MLK2 Le plasmide d'activation CRISPR (h) offre une approche ciblée et non destructive pour réguler à la hausse l'expression endogène de MAP3K10 sans modifier la séquence d'ADN sous-jacente.
MLK2 Le plasmide d'activation CRISPR (h) est un système SAM (synergistic activation mediator) à trois plasmides conçu pour une régulation à la hausse hautement efficace et spécifique du locus MAP3K10 dans des lignées cellulaires humaines. Le système s'articule autour d'une Cas9 catalytiquement inactive (dCas9) portant deux mutations inactivantes (D10A et N863A) qui éliminent l'activité nucléase tout en préservant la liaison à l'ADN. Cette dCas9 est fusionnée à VP64, un puissant activateur transcriptionnel, et est co-exprimée avec un gène de résistance à la blasticidine pour la sélection. Le deuxième plasmide code pour la protéine de fusion MS2-p65-HSF1, un complexe activateur secondaire qui agit de concert avec dCas9-VP64, ainsi qu'un gène de résistance à l'hygromycine. Le troisième plasmide code pour un ARN guide (sgRNA) de 20 nt spécifique de la cible, fusionné à deux aptamères d'ARN MS2 qui recrutent le complexe MS2-p65-HSF1 vers le site d'activation, accompagné d'un gène de résistance à la puromycine. Les trois plasmides sont délivrés dans un rapport massique de 1:1:1 pour une expression équilibrée de tous les composants du système.

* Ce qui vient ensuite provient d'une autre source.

(* Let $G$ be a locally compact group acting properly on a space $X$, and let $Y$ be any $G$-space. Let $S$ be a closed small subset of $X$ and let $f:S\to Y$ be a continuous map such that whenever $s\in S$ and $g\in G$ satisfy $gs\in S$, one has $f(gs)=gf(s)$. Then $f$ extends uniquely to a continuous equivariant map $F:G(S)\to Y$ (i.e. $F(gx)=gF(x)$ for all $g\in G$, $x\in G(S)$).
   Context: All spaces are completely regular Hausdorff. A $G$-space is a space $X$ with a continuous action $G\times X\to X$, $(g,x)\mapsto gx$, with $ex=x$ and $(gh)x=g(hx)$. For $S\subset X$, $G(S)=\{gs\mid g\in G,s\in S\}$. For $U,V\subset X$ the transporter is $\langle U,V\rangle=\{g\in G\mid gU\cap V\neq\emptyset\}$; $U$ and $V$ are thin relative to each other if $\langle U,V\rangle$ has compact closure in $G$. A subset $U\subset X$ is small if every point of $X$ has a neighborhood thin relative to $U$. For $G$ locally compact, a $G$-space $X$ is proper (the action is proper) if every point of $X$ has a small neighborhood. *)

From Stdlib Require Import Reals List.
Open Scope R_scope.

Record Topology (T : Type) := {
  is_open : (T -> Prop) -> Prop;
  open_full : is_open (fun _ => True);
  open_inter : forall U V, is_open U -> is_open V -> is_open (fun x => U x /\ V x);
  open_union : forall F : (T -> Prop) -> Prop,
      (forall U, F U -> is_open U) -> is_open (fun x => exists U, F U /\ U x)
}.
Arguments is_open {T} t U.

Section Topo.
Context {T : Type} (t : Topology T).

Definition is_closed (C : T -> Prop) : Prop := is_open t (fun x => ~ C x).

Definition nbhd (x : T) (N : T -> Prop) : Prop :=
  exists O, is_open t O /\ O x /\ forall y, O y -> N y.

Definition closure (A : T -> Prop) (x : T) : Prop :=
  forall U, is_open t U -> U x -> exists y, U y /\ A y.

Definition compact (K : T -> Prop) : Prop :=
  forall F : (T -> Prop) -> Prop,
    (forall U, F U -> is_open t U) ->
    (forall x, K x -> exists U, F U /\ U x) ->
    exists l : list (T -> Prop),
      (forall U, In U l -> F U) /\ (forall x, K x -> exists U, In U l /\ U x).

Definition hausdorff : Prop :=
  forall x y, x <> y -> exists U V, is_open t U /\ is_open t V /\ U x /\ V y /\
    forall z, U z -> V z -> False.

Definition continuous_real (h : T -> R) : Prop :=
  forall x eps, eps > 0 -> exists U, is_open t U /\ U x /\
    forall y, U y -> Rabs (h y - h x) < eps.

Definition completely_regular : Prop :=
  forall (C : T -> Prop) (x : T), is_closed C -> ~ C x ->
    exists h : T -> R, continuous_real h /\ h x = 0 /\ forall y, C y -> h y = 1.

Definition locally_compact : Prop :=
  forall x, exists K, nbhd x K /\ compact K.

End Topo.

(** continuity of f on the subset A (i.e. of the restriction of f to A
    with the subspace topology) *)
Definition continuous_on {T U : Type} (tT : Topology T) (tU : Topology U)
  (A : T -> Prop) (f : T -> U) : Prop :=
  forall x, A x -> forall V, is_open tU V -> V (f x) ->
    exists O, is_open tT O /\ O x /\ forall y, O y -> A y -> V (f y).

Definition continuous {T U : Type} (tT : Topology T) (tU : Topology U)
  (f : T -> U) : Prop := continuous_on tT tU (fun _ => True) f.

(** joint continuity of a two-variable map A x B -> C (product topology) *)
Definition continuous2 {A B C : Type} (tA : Topology A) (tB : Topology B)
  (tC : Topology C) (m : A -> B -> C) : Prop :=
  forall a b W, is_open tC W -> W (m a b) ->
    exists U V, is_open tA U /\ is_open tB V /\ U a /\ V b /\
      forall a' b', U a' -> V b' -> W (m a' b').

(** A standing convention: all spaces are completely regular Hausdorff. *)
Definition crh {T : Type} (t : Topology T) : Prop :=
  hausdorff t /\ completely_regular t.

Definition is_group {G : Type} (mul : G -> G -> G) (e : G) (inv : G -> G) : Prop :=
  (forall a b c, mul (mul a b) c = mul a (mul b c)) /\
  (forall a, mul e a = a) /\ (forall a, mul a e = a) /\
  (forall a, mul (inv a) a = e) /\ (forall a, mul a (inv a) = e).

Definition topological_group {G : Type} (tG : Topology G)
  (mul : G -> G -> G) (e : G) (inv : G -> G) : Prop :=
  is_group mul e inv /\ continuous2 tG tG tG mul /\ continuous tG tG inv /\ crh tG.

Definition G_space {G X : Type} (tG : Topology G) (mul : G -> G -> G) (e : G)
  (tX : Topology X) (act : G -> X -> X) : Prop :=
  crh tX /\ continuous2 tG tX tX act /\
  (forall x, act e x = x) /\ (forall g h x, act (mul g h) x = act g (act h x)).

Section Actions.
Context {G X : Type} (tG : Topology G) (act : G -> X -> X).

Definition saturation (S : X -> Prop) (x : X) : Prop :=
  exists g s, S s /\ x = act g s.

Definition transporter (U V : X -> Prop) (g : G) : Prop :=
  exists u, U u /\ V (act g u).

Definition thin (U V : X -> Prop) : Prop :=
  compact tG (closure tG (transporter U V)).

Context (tX : Topology X).

Definition small (U : X -> Prop) : Prop :=
  forall x, exists N, nbhd tX x N /\ thin N U.

Definition proper_action : Prop :=
  forall x, exists N, nbhd tX x N /\ small N.

End Actions.

From Stdlib Require Import Reals List Classical ClassicalEpsilon.

(** Since [S] is small, [x0 ∈ G(S)] has a neighbourhood [N] such that the
    transporter [<N, S>] lies in a compact set [K].  For each [k] in [K],
    continuity of the actions, of inversion and of [f], together with the
    closedness of [S], give a product neighbourhood [W x O] of [(k, x0)] on
    which [(h, y) |-> h^-1 f(h y)] stays in a given open [V ∋ F(x0)] whenever
    [h y ∈ S].  Finitely many [W] cover [K]; on the intersection of [N] with
    the corresponding [O]'s, every [y = g s] has [g^-1 ∈ <N, S> ⊆ K], so
    [F y = g f(s)] lies in [V].  Equivariance forces [F (g s) = g f(s)], which
    gives existence and uniqueness. *)

Lemma open_nbhd_forall_In {T A : Type} (t : Topology T) (x0 : T)
  (P : A -> (T -> Prop) -> Prop)
  (P_antitone : forall a O O', (forall y, O' y -> O y) -> P a O -> P a O') :
  forall l : list A,
  (forall a, In a l -> exists O, is_open t O /\ O x0 /\ P a O) ->
  exists O, is_open t O /\ O x0 /\ forall a, In a l -> P a O.
Proof.
  induction l as [|a l IH]; intros Hl.
  - exists (fun _ => True). repeat split; [apply open_full | intros a []].
  - destruct (IH (fun b Hb => Hl b (or_intror Hb))) as [O [HO [HOx HOl]]].
    destruct (Hl a (or_introl eq_refl)) as [Oa [HOa [HOax HOaP]]].
    exists (fun x => O x /\ Oa x). split; [apply open_inter; auto|].
    split; [auto|]. intros b [<-|Hb].
    + eapply P_antitone; [|exact HOaP]. now intros y [_ Hy].
    + eapply P_antitone; [|exact (HOl b Hb)]. now intros y [Hy _].
Qed.

Lemma closure_subset {T : Type} (t : Topology T) (A : T -> Prop) (x : T) :
  A x -> closure t A x.
Proof. intros Hx U _ HU. now exists x. Qed.

Section EquivariantExtension.

Context {G X Y : Type} (mul : G -> G -> G) (e : G) (inv : G -> G).
Context (actX : G -> X -> X) (actY : G -> Y -> Y) (S : X -> Prop) (f : X -> Y).

Hypothesis group : is_group mul e inv.
Hypothesis actX_unit : forall x, actX e x = x.
Hypothesis actX_mul : forall g h x, actX (mul g h) x = actX g (actX h x).
Hypothesis actY_unit : forall y, actY e y = y.
Hypothesis actY_mul : forall g h y, actY (mul g h) y = actY g (actY h y).
Hypothesis f_equivariant :
  forall s g, S s -> S (actX g s) -> f (actX g s) = actY g (f s).

Lemma inv_involutive (g : G) : inv (inv g) = g.
Proof.
  destruct group as [assoc [mul1g [mulg1 [mulVg _]]]].
  rewrite <- (mulg1 (inv (inv g))), <- (mulVg g), <- assoc, mulVg, mul1g.
  reflexivity.
Qed.

Lemma actX_invK (g : G) (x : X) : actX (inv g) (actX g x) = x.
Proof.
  destruct group as [_ [_ [_ [mulVg _]]]].
  now rewrite <- actX_mul, mulVg, actX_unit.
Qed.

Lemma orbit_value_welldef (g g' : G) (s s' : X) :
  S s -> S s' -> actX g s = actX g' s' -> actY g (f s) = actY g' (f s').
Proof.
  destruct group as [assoc [mul1g [_ [mulVg mulgV]]]].
  intros Hs Hs' Heq.
  assert (Hs's : actX (mul (inv g') g) s = s').
  { now rewrite actX_mul, Heq, actX_invK. }
  assert (Hf := f_equivariant s (mul (inv g') g) Hs (eq_ind_r S Hs' Hs's)).
  rewrite Hs's in Hf.
  now rewrite Hf, <- actY_mul, <- assoc, mulgV, mul1g.
Qed.

(* Off [G(S)] the value is irrelevant; [f x] only serves as an inhabitant. *)
Definition extension (x : X) : Y :=
  epsilon (inhabits (f x))
    (fun y => exists g s, S s /\ x = actX g s /\ y = actY g (f s)).

Lemma extensionE (g : G) (s : X) :
  S s -> extension (actX g s) = actY g (f s).
Proof.
  intros Hs. unfold extension.
  match goal with |- epsilon ?i ?P = _ =>
    destruct (epsilon_spec i P) as [g' [s' [Hs' [Heq ->]]]] end.
  - now exists (actY g (f s)), g, s.
  - now apply orbit_value_welldef.
Qed.

Lemma extension_on (s : X) : S s -> extension s = f s.
Proof. intros Hs. rewrite <- (actX_unit s) at 1. now rewrite extensionE. Qed.

Lemma extension_equivariant (g : G) (x : X) :
  saturation actX S x -> extension (actX g x) = actY g (extension x).
Proof.
  intros [h [s [Hs ->]]].
  now rewrite <- actX_mul, !extensionE, actY_mul.
Qed.

Lemma equivariant_extension_orbit (F : X -> Y) :
  (forall s, S s -> F s = f s) ->
  (forall g x, saturation actX S x -> F (actX g x) = actY g (F x)) ->
  forall g s, S s -> F (actX g s) = actY g (f s).
Proof.
  intros HFf HFeq g s Hs. rewrite HFeq, HFf; auto.
  exists e, s. auto.
Qed.

Context (tG : Topology G) (tX : Topology X) (tY : Topology Y).

Hypothesis inv_continuous : continuous tG tG inv.
Hypothesis actX_continuous : continuous2 tG tX tX actX.
Hypothesis actY_continuous : continuous2 tG tY tY actY.
Hypothesis f_continuous : continuous_on tX tY S f.
Hypothesis S_closed : is_closed tX S.

(* [h^-1 f(h y)] is [F y] when [h y ∈ S]. *)
Definition controlled (V : Y -> Prop) (W : G -> Prop) (O : X -> Prop) : Prop :=
  forall h y, W h -> O y -> S (actX h y) -> V (actY (inv h) (f (actX h y))).

Lemma controlled_locally (V : Y -> Prop) (x0 : X) (k : G) :
  is_open tY V -> V (extension x0) ->
  exists W O, is_open tG W /\ W k /\ is_open tX O /\ O x0 /\ controlled V W O.
Proof.
  intros HV HVx0.
  destruct (classic (S (actX k x0))) as [Hk|Hk].
  - rewrite <- (actX_invK k x0), extensionE in HVx0 by exact Hk.
    destruct (actY_continuous _ _ _ HV HVx0)
      as [A [B [HA [HB [HAk [HBk HAB]]]]]].
    destruct (inv_continuous k I A HA HAk) as [W1 [HW1 [HW1k HW1A]]].
    destruct (f_continuous _ Hk B HB HBk) as [C [HC [HCk HCB]]].
    destruct (actX_continuous _ _ _ HC HCk)
      as [W2 [O [HW2 [HO [HW2k [HOx HW2O]]]]]].
    exists (fun g => W1 g /\ W2 g), O.
    repeat split; auto; [apply open_inter; auto|].
    intros h y [Hh1 Hh2] Hy HS. apply HAB; [apply HW1A | apply HCB]; auto.
  - destruct (actX_continuous _ _ _ S_closed Hk)
      as [W [O [HW [HO [HWk [HOx HWO]]]]]].
    exists W, O. repeat split; auto.
    intros h y Hh Hy HS. exfalso. exact (HWO h y Hh Hy HS).
Qed.

Lemma extension_continuous :
  small tG actX tX S -> continuous_on tX tY (saturation actX S) extension.
Proof.
  intros HSsmall x0 _ V HV HVx0.
  destruct (HSsmall x0) as [N [[ON [HON [HONx HONN]]] Hthin]].
  set (Fam := fun W => is_open tG W /\
                exists O, is_open tX O /\ O x0 /\ controlled V W O).
  destruct (Hthin Fam (fun W HW => proj1 HW)) as [l [Hl Hcover]].
  { intros k _. destruct (controlled_locally V x0 k HV HVx0)
      as [W [O [HW [HWk HO]]]].
    exists W. split; [split; [auto | exists O; auto] | auto]. }
  destruct (open_nbhd_forall_In tX x0 (controlled V)) with (l := l)
    as [O [HO [HOx HOl]]].
  { intros W O O' HO'O HWO h y Hh Hy. apply HWO; auto. }
  { intros W HW. exact (proj2 (Hl W HW)). }
  exists (fun x => O x /\ ON x). split; [apply open_inter; auto|].
  split; [auto|]. intros y [HyO HyN] [g [s [Hs ->]]].
  destruct (Hcover (inv g)) as [W [HWl HWg]].
  { apply closure_subset. exists (actX g s). split; [auto|].
    now rewrite actX_invK. }
  assert (HVy := HOl W HWl (inv g) (actX g s) HWg HyO).
  rewrite actX_invK, inv_involutive in HVy.
  rewrite extensionE; auto.
Qed.

End EquivariantExtension.

Theorem theorem4p1
  (G X Y : Type) (tG : Topology G) (tX : Topology X) (tY : Topology Y)
  (mul : G -> G -> G) (e : G) (inv : G -> G)
  (HG : topological_group tG mul e inv) (HGlc : locally_compact tG)
  (actX : G -> X -> X) (HX : G_space tG mul e tX actX)
  (Hproper : proper_action tG actX tX)
  (actY : G -> Y -> Y) (HY : G_space tG mul e tY actY)
  (S : X -> Prop) (HSclosed : is_closed tX S) (HSsmall : small tG actX tX S)
  (f : X -> Y) (Hfcont : continuous_on tX tY S f)
  (Hfeq : forall s g, S s -> S (actX g s) -> f (actX g s) = actY g (f s)) :
  exists F : X -> Y,
    continuous_on tX tY (saturation actX S) F /\
    (forall s, S s -> F s = f s) /\
    (forall g x, saturation actX S x -> F (actX g x) = actY g (F x)) /\
    (forall F' : X -> Y,
       continuous_on tX tY (saturation actX S) F' ->
       (forall s, S s -> F' s = f s) ->
       (forall g x, saturation actX S x -> F' (actX g x) = actY g (F' x)) ->
       forall x, saturation actX S x -> F' x = F x).
Proof.
  destruct HG as [Hgroup [_ [Hinv _]]].
  destruct HX as [_ [HactX [HactX_unit HactX_mul]]].
  destruct HY as [_ [HactY [HactY_unit HactY_mul]]].
  exists (extension actX actY S f).
  split; [|split; [|split]].
  - eapply extension_continuous; eauto.
  - eapply extension_on; eauto.
  - eapply extension_equivariant; eauto.
  - intros F' _ HF'f HF'eq x [g [s [Hs ->]]].
    erewrite extensionE; eauto.
    eapply equivariant_extension_orbit; eauto.
Qed.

Une fois assemblé au locus cible, le complexe SAM se lie à environ 200 pb en amont du site de départ de la transcription MAP3K10, où VP64, p65 et HSF1 agissent de concert pour recruter la machinerie transcriptionnelle et induire une régulation à la hausse de l'expression endogène de MLK2. Contrairement à Cas9, qui possède une activité nucléase, dCas9 n'introduit pas de cassures double brin ni ne modifie la séquence génomique, préservant ainsi le locus MAP3K10 natif et permettant l'étude des réponses transcriptionnelles dépendantes de MLK2 au niveau du locus endogène, ce qui en fait un outil précieux pour les études fonctionnelles, l'identification de gènes cibles et la modélisation de la restauration de la voie MLK2 dans les cellules tumorales présentant une expression de MAP3K10 silencée ou réduite.
Réservé à la recherche. N'est pas destiné à un usage diagnostique ou thérapeutique.